Abstandsregler: Der Komfortable

Das kann es: Der Name ist Programm: Das System hält den eingestellten Abstand zum vorausfahrenden Auto und bremst oder beschleunigt den Wagen entsprechend. Der Abstandsregler ist quasi eine Erweiterung zum Tempomat: Anstatt nur eine Geschwindigkeit zu halten, passt sich das Auto dem fließenden Verkehr an. Der Abstand wird meist über ein Radarsystem gemessen, das genauer als eine Frontkamera ist. Teilweise arbeiten aber auch beide Systeme zusammen – wenn eben vorhanden.

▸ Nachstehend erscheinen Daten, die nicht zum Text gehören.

Definition mx_nnz (R : realType) p q (A : 'M[R]_(p, q)) : nat :=
  #|[set ij : 'I_p * 'I_q | A ij.1 ij.2 != 0]|.

Fixpoint net_nweights (R : realType) n m (N : relu_net R n m) : nat :=
  match N with
  | Out _ _ W b => mx_nnz W + mx_nnz b
  | Hidden _ _ _ W b N' => mx_nnz W + mx_nnz b + net_nweights N'
  end.

Definition mx_all (R : realType) p q (P : R -> Prop) (A : 'M[R]_(p, q)) : Prop :=
  forall i j, P (A i j).

Definition half_weight (R : realType) (w : R) : Prop :=
  w = 0 \/ w = 2^-1 \/ w = - 2^-1.

Fixpoint net_weights_in (R : realType) (P : R -> Prop) n m (N : relu_net R n m) : Prop :=
  match N with
  | Out _ _ W b => mx_all P W /\ mx_all P b
  | Hidden _ _ _ W b N' => [/\ mx_all P W, mx_all P b & net_weights_in P N']
  end.

Definition net_fun2 (R : realType) (N : relu_net R 2 1) (x y : R) : R :=
  net_eval N (\col_(i < 2) (if i == ord0 then x else y)) ord0 ord0.

From HB Require Import structures.
From mathcomp Require Import all_boot all_order all_algebra.
From mathcomp Require Import reals.
From mathcomp Require Import ring lra zify.
Set Implicit Arguments. Unset Strict Implicit. Unset Printing Implicit Defensive.
Import Order.TTheory GRing.Theory Num.Theory.
Local Open Scope ring_scope.

(* Since x y = |(x + y)/2|^2 - |(x - y)/2|^2, it suffices to run two copies of a
   ReLU approximation of t |-> t^2 on [0, 1] side by side and subtract their
   outputs; when x = 0 or y = 0 both copies receive the same input, so the
   output is exactly 0.  For the tent map g v = 2 v - 4 relu (v - 1/2),
     v - v^2 = g v / 4 + (g v - (g v)^2) / 4,
   so if F = t^2 + lam (v - v^2) then F - lam (g v) / 4 = t^2 + lam/4 (g v - (g v)^2):
   one pair of ReLU layers maps the channels (lam v, lam / 2, F) to the same
   channels for (lam / 4, g v).  Starting from lam = 1 and v = F = t, after r steps
   F exceeds t^2 by at most 4^-r / 4.  All weights are +-1/2; a weight 1 is
   obtained by duplicating a unit. *)

Section ReluMultiplication.
Variable R : realType.

Lemma ger0_relu (x : R) : 0 <= x -> relu x = x.
Proof. by move=> x_ge0; apply/max_idPr. Qed.

Lemma ler0_relu (x : R) : x <= 0 -> relu x = 0.
Proof. by move=> x_le0; apply/max_idPl. Qed.

Lemma relu_add_reluN (x : R) : relu x + relu (- x) = `|x|.
Proof.
have [x_ge0 | x_lt0] := lerP 0 x.
  by rewrite ger0_relu // ler0_relu ?ger0_norm ?addr0 // oppr_le0.
by rewrite ler0_relu ?ger0_relu ?ltr0_norm ?add0r ?oppr_ge0 // ltW.
Qed.

Lemma relu_pmul (a x : R) : 0 <= a -> relu (a * x) = a * relu x.
Proof.
move=> a_ge0; have [x_ge0 | x_lt0] := lerP 0 x.
  by rewrite !ger0_relu // mulr_ge0.
by rewrite !ler0_relu ?mulr0 // ?mulr_ge0_le0 // ltW.
Qed.

Lemma relu_complementary (x : R) : relu x * (relu x - x) = 0.
Proof.
have [x_ge0 | x_lt0] := lerP 0 x; first by rewrite ger0_relu // subrr mulr0.
by rewrite ler0_relu ?mul0r // ltW.
Qed.

Definition relu_layer p q (W : 'M[R]_(p, q)) (b : 'cV[R]_p) (v : 'cV[R]_q) :
  'cV[R]_p := map_mx (@relu R) (W *m v + b).

Lemma net_eval_Hidden n k m (W : 'M[R]_(k, n)) b (N : relu_net R k m) v :
  net_eval (Hidden W b N) v = net_eval N (relu_layer W b v).
Proof. by []. Qed.

Lemma relu_layer_col_mx p1 p2 q (W1 : 'M_(p1, q)) (W2 : 'M_(p2, q)) b1 b2 v :
  relu_layer (col_mx W1 W2) (col_mx b1 b2) v =
  col_mx (relu_layer W1 b1 v) (relu_layer W2 b2 v).
Proof. by rewrite /relu_layer mul_col_mx add_col_mx map_col_mx. Qed.

Lemma relu_layer_block_diag p1 p2 q1 q2 (W1 : 'M_(p1, q1)) (W2 : 'M_(p2, q2)) v1 v2 :
  relu_layer (block_mx W1 0 0 W2) 0 (col_mx v1 v2) =
  col_mx (relu_layer W1 0 v1) (relu_layer W2 0 v2).
Proof. by rewrite /relu_layer mul_block_col !mul0mx !addr0 add0r map_col_mx. Qed.

Definition col_seq n (l : seq R) : 'cV[R]_n := \col_(i < n) l`_i.

(* The table [s] lists the weights row by row in units of 1/2; entries outside
   the table are 0. *)
Definition half_mx p q (s : seq (seq int)) : 'M[R]_(p, q) :=
  \matrix_(i, j) ((nth 0 (nth [::] s i) j)%:~R / 2).

Fixpoint half_dot (c : seq int) (l : seq R) : R :=
  if (c, l) is (a :: c', x :: l') then a%:~R / 2 * x + half_dot c' l' else 0.

Lemma nth_map_dflt (T : Type) (x0 : T) (f : T -> R) s i :
  f x0 = 0 -> (map f s)`_i = f (nth x0 s i).
Proof.
move=> f0; have [i_lt | i_ge] := ltnP i (size s); first exact: nth_map.
by rewrite !nth_default ?size_map.
Qed.
Arguments nth_map_dflt {T} x0 [f s i].

Lemma sum_half_dot q c l : size l = q ->
  \sum_(j < q) (nth 0 c j)%:~R / 2 * l`_j = half_dot c l.
Proof.
elim: l q c => [|x l IHl] q c <-; first by rewrite big_ord0; case: c.
rewrite big_ord_recl; under eq_bigr do rewrite lift0.
case: c => [|a c]; last by rewrite /= (IHl _ c).
by rewrite big1 /= => [|j _]; rewrite ?mulr0z ?mul0r ?addr0.
Qed.

Lemma map_col_seq p (f : R -> R) l :
  f 0 = 0 -> map_mx f (col_seq p l) = col_seq p (map f l).
Proof. by move=> f0; apply/matrixP => i j; rewrite !mxE (nth_map_dflt 0 f0). Qed.

Lemma add_col_seq p l1 l2 : size l1 = size l2 ->
  col_seq p l1 + col_seq p l2 = col_seq p [seq z.1 + z.2 | z <- zip l1 l2].
Proof.
move=> eq_size; apply/matrixP => i j; rewrite !mxE.
by rewrite (nth_map_dflt (0, 0)) ?addr0 // nth_zip.
Qed.

Lemma mul_half_mx_col_seq p q s l : size l = q ->
  half_mx p q s *m col_seq q l = col_seq p [seq half_dot c l | c <- s].
Proof.
move=> size_l; apply/matrixP => i j; rewrite !mxE (nth_map_dflt [::]) //.
by rewrite -(sum_half_dot _ size_l); apply: eq_bigr => k _; rewrite !mxE.
Qed.

Lemma half_mx_col_seq p s :
  half_mx p 1 s = col_seq p [seq (head 0 c)%:~R / 2 | c <- s].
Proof. by apply/matrixP => i j; rewrite !mxE ord1 (nth_map_dflt [::]) ?mul0r. Qed.

Lemma relu_layer_half_mx p q s l : size l = q ->
  relu_layer (half_mx p q s) 0 (col_seq q l) =
  col_seq p [seq relu (half_dot c l) | c <- s].
Proof.
move=> size_l; rewrite /relu_layer addr0 mul_half_mx_col_seq // map_col_seq.
  by rewrite -map_comp.
exact: ler0_relu.
Qed.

Das kann es nicht: Das volle Potenzial können Abstandsregler nur mit einem Automatikgetriebe erreichen. Für moderne Systeme ist es kein Problem, das Fahrzeug bis zum Stillstand abzubremsen – nur wenn es davor im sechsten Gang einer Handschaltung fährt, ist das nicht möglich. Zudem erfasst das Radar nur den Vordermann und kann so die Aufmerksamkeit des Fahrers nicht vollständig ersetzen. Dieser kann zum Beispiel an dem vorausfahrenden Auto vorbei bereits das Stauende sehen und rechtzeitig selbst bremsen.

Das kostet es: Vor wenigen Jahren waren Abstandsregler noch sehr teuer und nur in Oberklasse-Autos zu finden. In der Mercedes E-Klasse kostet das „Distronic“-System noch über 1000 Euro, im VW Golf gibt es die ACC (Adaptive Cruise Control) für 575 Euro, beim Skoda Superb sogar für nur 320 Euro (bis 160 km/h, Variante bis 210 km/h kostet 820 Euro).